*** Opening Records to use ***

(* Let $\eta>0$, $\beta\in\mathbb{R}$ and $\gamma\ge\eta$. Let $\widehat{\mathcal{L}}_1,\widehat{\mathcal{L}}_2\in\mathbb{R}^{N\times N}$ satisfy $\langle \widehat{\mathcal{L}}_i\mathbf{x},\mathbf{x}\rangle\le 0$ for all $\mathbf{x}\in\mathbb{R}^N$, $i=1,2$. Define $$\mathcal{P}_{\gamma}:=\left[\eta I-\widehat{\mathcal{L}}_2+\beta^2(\eta I-\widehat{\mathcal{L}}_1)^{-1}\right](\gamma I-\widehat{\mathcal{L}}_2)^{-1}.$$ Then $\|\mathcal{P}_\gamma\|\le 1+\dfrac{\beta^2}{\gamma\eta}$.
   Context: $\langle\cdot,\cdot\rangle$ is the Euclidean inner product on $\mathbb{R}^N$ and $\|\cdot\|$ the induced operator two-norm. The matrices $\eta I-\widehat{\mathcal{L}}_1$ and $\gamma I-\widehat{\mathcal{L}}_2$ are invertible under the stated hypotheses. *)

From HB Require Import structures.
From mathcomp Require Import all_boot all_order all_algebra.
From mathcomp Require Import all_classical all_reals.
Set Implicit Arguments. Unset Strict Implicit. Unset Printing Implicit Defensive.
Import Order.TTheory GRing.Theory Num.Theory.
Local Open Scope ring_scope.
Local Open Scope classical_set_scope.

Definition inner (R : realType) (N : nat) (x y : 'cV[R]_N) : R := (x^T *m y) 0 0.

Definition enorm (R : realType) (N : nat) (x : 'cV[R]_N) : R := Num.sqrt (inner x x).

Definition opnorm2 (R : realType) (N : nat) (A : 'M[R]_N) : R :=
  sup [set enorm (A *m x) | x in [set x : 'cV[R]_N | enorm x <= 1]].

From HB Require Import structures.
From mathcomp Require Import all_boot all_order all_algebra.
From mathcomp Require Import all_classical all_reals.
From mathcomp Require Import ring lra.
Set Implicit Arguments. Unset Strict Implicit. Unset Printing Implicit Defensive.
Import Order.TTheory GRing.Theory Num.Theory.
Local Open Scope ring_scope.

(* Idea: for x with ||x|| <= 1 put y = (gamma - L2)^-1 x and
   z = (eta - L1)^-1 y, so that P x = (eta - L2) y + beta^2 z.  Expanding
   ||(c - L) x||^2 = c^2 ||x||^2 - 2c <L x, x> + ||L x||^2 shows that for a
   dissipative L the map c |-> ||(c - L) x|| is nondecreasing on c >= 0 and
   bounded below by c ||x||.  The first fact gives ||(eta - L2) y|| <=
   ||(gamma - L2) y|| = ||x||; the second gives the resolvent bounds
   ||y|| <= ||x|| / gamma and ||z|| <= ||y|| / eta (and the invertibility of
   c - L), and the triangle inequality concludes. *)

Section EuclideanNorm.
Variables (R : realType) (N : nat).
Implicit Types (x y z u v : 'cV[R]_N).

Lemma innerE x y : inner x y = \sum_i x i 0 * y i 0.
Proof. by rewrite /inner !mxE; apply: eq_bigr => i _; rewrite mxE. Qed.

Lemma innerC x y : inner x y = inner y x.
Proof. by rewrite !innerE; apply: eq_bigr => i _; rewrite mulrC. Qed.

Lemma innerDl x y z : inner (x + y) z = inner x z + inner y z.
Proof. by rewrite !innerE -big_split; apply: eq_bigr => i _; rewrite !mxE mulrDl. Qed.

Lemma innerZl a x y : inner (a *: x) y = a * inner x y.
Proof. by rewrite !innerE mulr_sumr; apply: eq_bigr => i _; rewrite !mxE mulrA. Qed.

Lemma innerNl x y : inner (- x) y = - inner x y.
Proof. by rewrite -scaleN1r innerZl mulN1r. Qed.

Lemma innerDr x y z : inner z (x + y) = inner z x + inner z y.
Proof. by rewrite innerC innerDl !(innerC z). Qed.

Lemma innerZr a x y : inner y (a *: x) = a * inner y x.
Proof. by rewrite innerC innerZl innerC. Qed.

Lemma innerNr x y : inner y (- x) = - inner y x.
Proof. by rewrite innerC innerNl innerC. Qed.

Lemma inner0l x : inner 0 x = 0.
Proof. by rewrite innerE big1 // => i _; rewrite mxE mul0r. Qed.

Lemma inner_ge0 x : 0 <= inner x x.
Proof. by rewrite innerE; apply: sumr_ge0 => i _; rewrite -expr2 sqr_ge0. Qed.

Lemma inner_eq0 x : inner x x = 0 -> x = 0.
Proof.
rewrite innerE => /eqP; rewrite psumr_eq0 => [/allP H|i _]; last first.
  by rewrite -expr2 sqr_ge0.
apply/matrixP => i j; rewrite (ord1 j) mxE.
by have /(_ (mem_index_enum i)) := H i; rewrite mulf_eq0 orbb => /eqP.
Qed.

Lemma enorm_ge0 x : 0 <= enorm x.
Proof. exact: sqrtr_ge0. Qed.

Lemma enorm_sq x : enorm x ^+ 2 = inner x x.
Proof. by rewrite sqr_sqrtr // inner_ge0. Qed.

Lemma enorm0 : enorm (0 : 'cV[R]_N) = 0.
Proof. by rewrite /enorm inner0l sqrtr0. Qed.

Lemma enorm_eq0 x : enorm x = 0 -> x = 0.
Proof. by move=> x0; apply: inner_eq0; rewrite -enorm_sq x0 expr0n. Qed.

Lemma enormZ a x : enorm (a *: x) = `|a| * enorm x.
Proof.
by rewrite /enorm innerZl innerZr mulrA -expr2 sqrtrM ?sqr_ge0 // sqrtr_sqr.
Qed.

Lemma enorm_le x y : inner x x <= inner y y -> enorm x <= enorm y.
Proof. by move=> h; rewrite /enorm ler_sqrt // inner_ge0. Qed.

Lemma cauchy_schwarz u v : inner u v <= enorm u * enorm v.
Proof.
have [/enorm_eq0 ->|un0] := eqVneq (enorm u) 0; first by rewrite inner0l enorm0 mul0r.
have [/enorm_eq0 ->|vn0] := eqVneq (enorm v) 0.
  by rewrite innerC inner0l enorm0 mulr0.
have ha : 0 < enorm u by rewrite lt_def un0 enorm_ge0.
have hb : 0 < enorm v by rewrite lt_def vn0 enorm_ge0.
(* 0 <= ||b u - a v||^2 = 2ab (ab - <u, v>) with a = ||u||, b = ||v||. *)
have := inner_ge0 (enorm v *: u - enorm u *: v).
rewrite !(innerDl, innerDr, innerZl, innerZr, innerNl, innerNr) (innerC v u).
rewrite -!enorm_sq => H.
have hab : 0 < enorm u * enorm v by rewrite mulr_gt0.
nra.
Qed.

Lemma enorm_triangle u v : enorm (u + v) <= enorm u + enorm v.
Proof.
have h := enorm_sq (u + v).
rewrite !(innerDl, innerDr) (innerC v u) -!enorm_sq in h.
have := cauchy_schwarz u v.
have := enorm_ge0 u; have := enorm_ge0 v; have := enorm_ge0 (u + v).
nra.
Qed.

End EuclideanNorm.

Definition dissipative {R : realType} {N : nat} (L : 'M[R]_N) : Prop :=
  forall x : 'cV[R]_N, inner (L *m x) x <= 0.

Section DissipativeShift.
Variables (R : realType) (N : nat) (L : 'M[R]_N).
Hypothesis hL : dissipative L.
Implicit Types (x : 'cV[R]_N) (c d : R).

Lemma shift_inner c x :
  inner ((c%:M - L) *m x) ((c%:M - L) *m x) =
  c ^+ 2 * inner x x - 2 * c * inner (L *m x) x + inner (L *m x) (L *m x).
Proof.
rewrite mulmxBl mul_scalar_mx.
rewrite !(innerDl, innerDr, innerZl, innerZr, innerNl, innerNr) (innerC x (L *m x)).
ring.
Qed.

Lemma shift_coercive c x : 0 <= c -> c * enorm x <= enorm ((c%:M - L) *m x).
Proof.
move=> c0; rewrite -{1}(ger0_norm c0) -enormZ; apply: enorm_le.
rewrite innerZl innerZr mulrA -expr2 shift_inner.
have := hL x; have := inner_ge0 (L *m x); nra.
Qed.

Lemma shift_mono d c x : 0 <= d -> d <= c ->
  enorm ((d%:M - L) *m x) <= enorm ((c%:M - L) *m x).
Proof.
move=> d0 dc; apply: enorm_le; rewrite !shift_inner.
have := hL x; have := inner_ge0 x => ha hb.
have h1 : 0 <= (c - d) * (c + d) * inner x x.
  by rewrite !mulr_ge0 // ?subr_ge0 // addr_ge0 // (le_trans d0).
have h2 : 0 <= (c - d) * - inner (L *m x) x.
  by rewrite mulr_ge0 // ?subr_ge0 // oppr_ge0.
nra.
Qed.

(* For c > 0 coercivity makes c - L injective, hence invertible. *)
Lemma shift_unit c : 0 < c -> c%:M - L \in unitmx.
Proof.
move=> c0; rewrite unitmxE -det_tr unitfE; apply/negP => /det0P [v vn0 hv].
have hker : (c%:M - L) *m v^T = 0 by rewrite -[LHS]trmxK trmx_mul trmxK hv trmx0.
have := shift_coercive v^T (ltW c0); rewrite hker enorm0 => hle.
have : enorm v^T = 0.
  apply/eqP; rewrite eq_le enorm_ge0 andbT -(pmulr_rle0 _ c0); exact: hle.
by move/enorm_eq0/(congr1 trmx); rewrite trmxK trmx0 => v0; rewrite v0 eqxx in vn0.
Qed.

Lemma resolvent_bound c x : 0 < c -> c * enorm (invmx (c%:M - L) *m x) <= enorm x.
Proof.
move=> c0; have := shift_coercive (invmx (c%:M - L) *m x) (ltW c0).
by rewrite mulmxA mulmxV ?shift_unit // mul1mx.
Qed.

End DissipativeShift.

Lemma opnorm2_le (R : realType) (N : nat) (A : 'M[R]_N) (b : R) :
  (forall x : 'cV[R]_N, enorm x <= 1 -> enorm (A *m x) <= b) -> opnorm2 A <= b.
Proof.
move=> hA; apply: ge_sup; last by move=> r [x /= hx <-]; exact: hA.
by exists (enorm (A *m 0)), 0 => //=; rewrite enorm0.
Qed.

Theorem mainTheorem2 (R : realType) (N : nat) (eta beta gamma : R)
  (L1 L2 : 'M[R]_N)
  (heta : 0 < eta) (hgamma : eta <= gamma)
  (hL1 : forall x : 'cV[R]_N, inner (L1 *m x) x <= 0)
  (hL2 : forall x : 'cV[R]_N, inner (L2 *m x) x <= 0) :
  opnorm2 (((eta%:M - L2) + beta ^+ 2 *: invmx (eta%:M - L1))
            *m invmx (gamma%:M - L2))
  <= 1 + beta ^+ 2 / (gamma * eta).
Proof.
have hg : 0 < gamma := lt_le_trans heta hgamma.
apply: opnorm2_le => x hx.
set y := invmx (gamma%:M - L2) *m x; set z := invmx (eta%:M - L1) *m y.
have -> : (eta%:M - L2 + beta ^+ 2 *: invmx (eta%:M - L1)) *m
            invmx (gamma%:M - L2) *m x = (eta%:M - L2) *m y + beta ^+ 2 *: z.
  by rewrite -mulmxA mulmxDl -scalemxAl.
have hy : enorm ((eta%:M - L2) *m y) <= 1.
  have hCy : (gamma%:M - L2) *m y = x by rewrite mulmxA mulmxV ?shift_unit ?mul1mx.
  by rewrite (le_trans (shift_mono hL2 y (ltW heta) hgamma)) // hCy.
have hz : enorm z <= (gamma * eta)^-1.
  rewrite -[_^-1]mulr1 ler_pdivlMl ?mulr_gt0 // -mulrA.
  apply: le_trans hx; apply: le_trans (resolvent_bound hL2 x hg).
  by apply: ler_wpM2l; [exact: ltW | exact: resolvent_bound].
apply: (le_trans (enorm_triangle _ _)); rewrite enormZ ger0_norm ?sqr_ge0 //.
by apply: lerD => //; apply: ler_wpM2l; rewrite ?sqr_ge0.
Qed.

*** Closing Records to use ***

Work order
Each line above with the word "hgamma" must be returned.

Answer space
  (heta : 0 < eta) (hgamma : eta <= gamma)
have hg : 0 < gamma := lt_le_trans heta hgamma.
  by rewrite (le_trans (shift_mono hL2 y (ltW heta) hgamma)) // hCy.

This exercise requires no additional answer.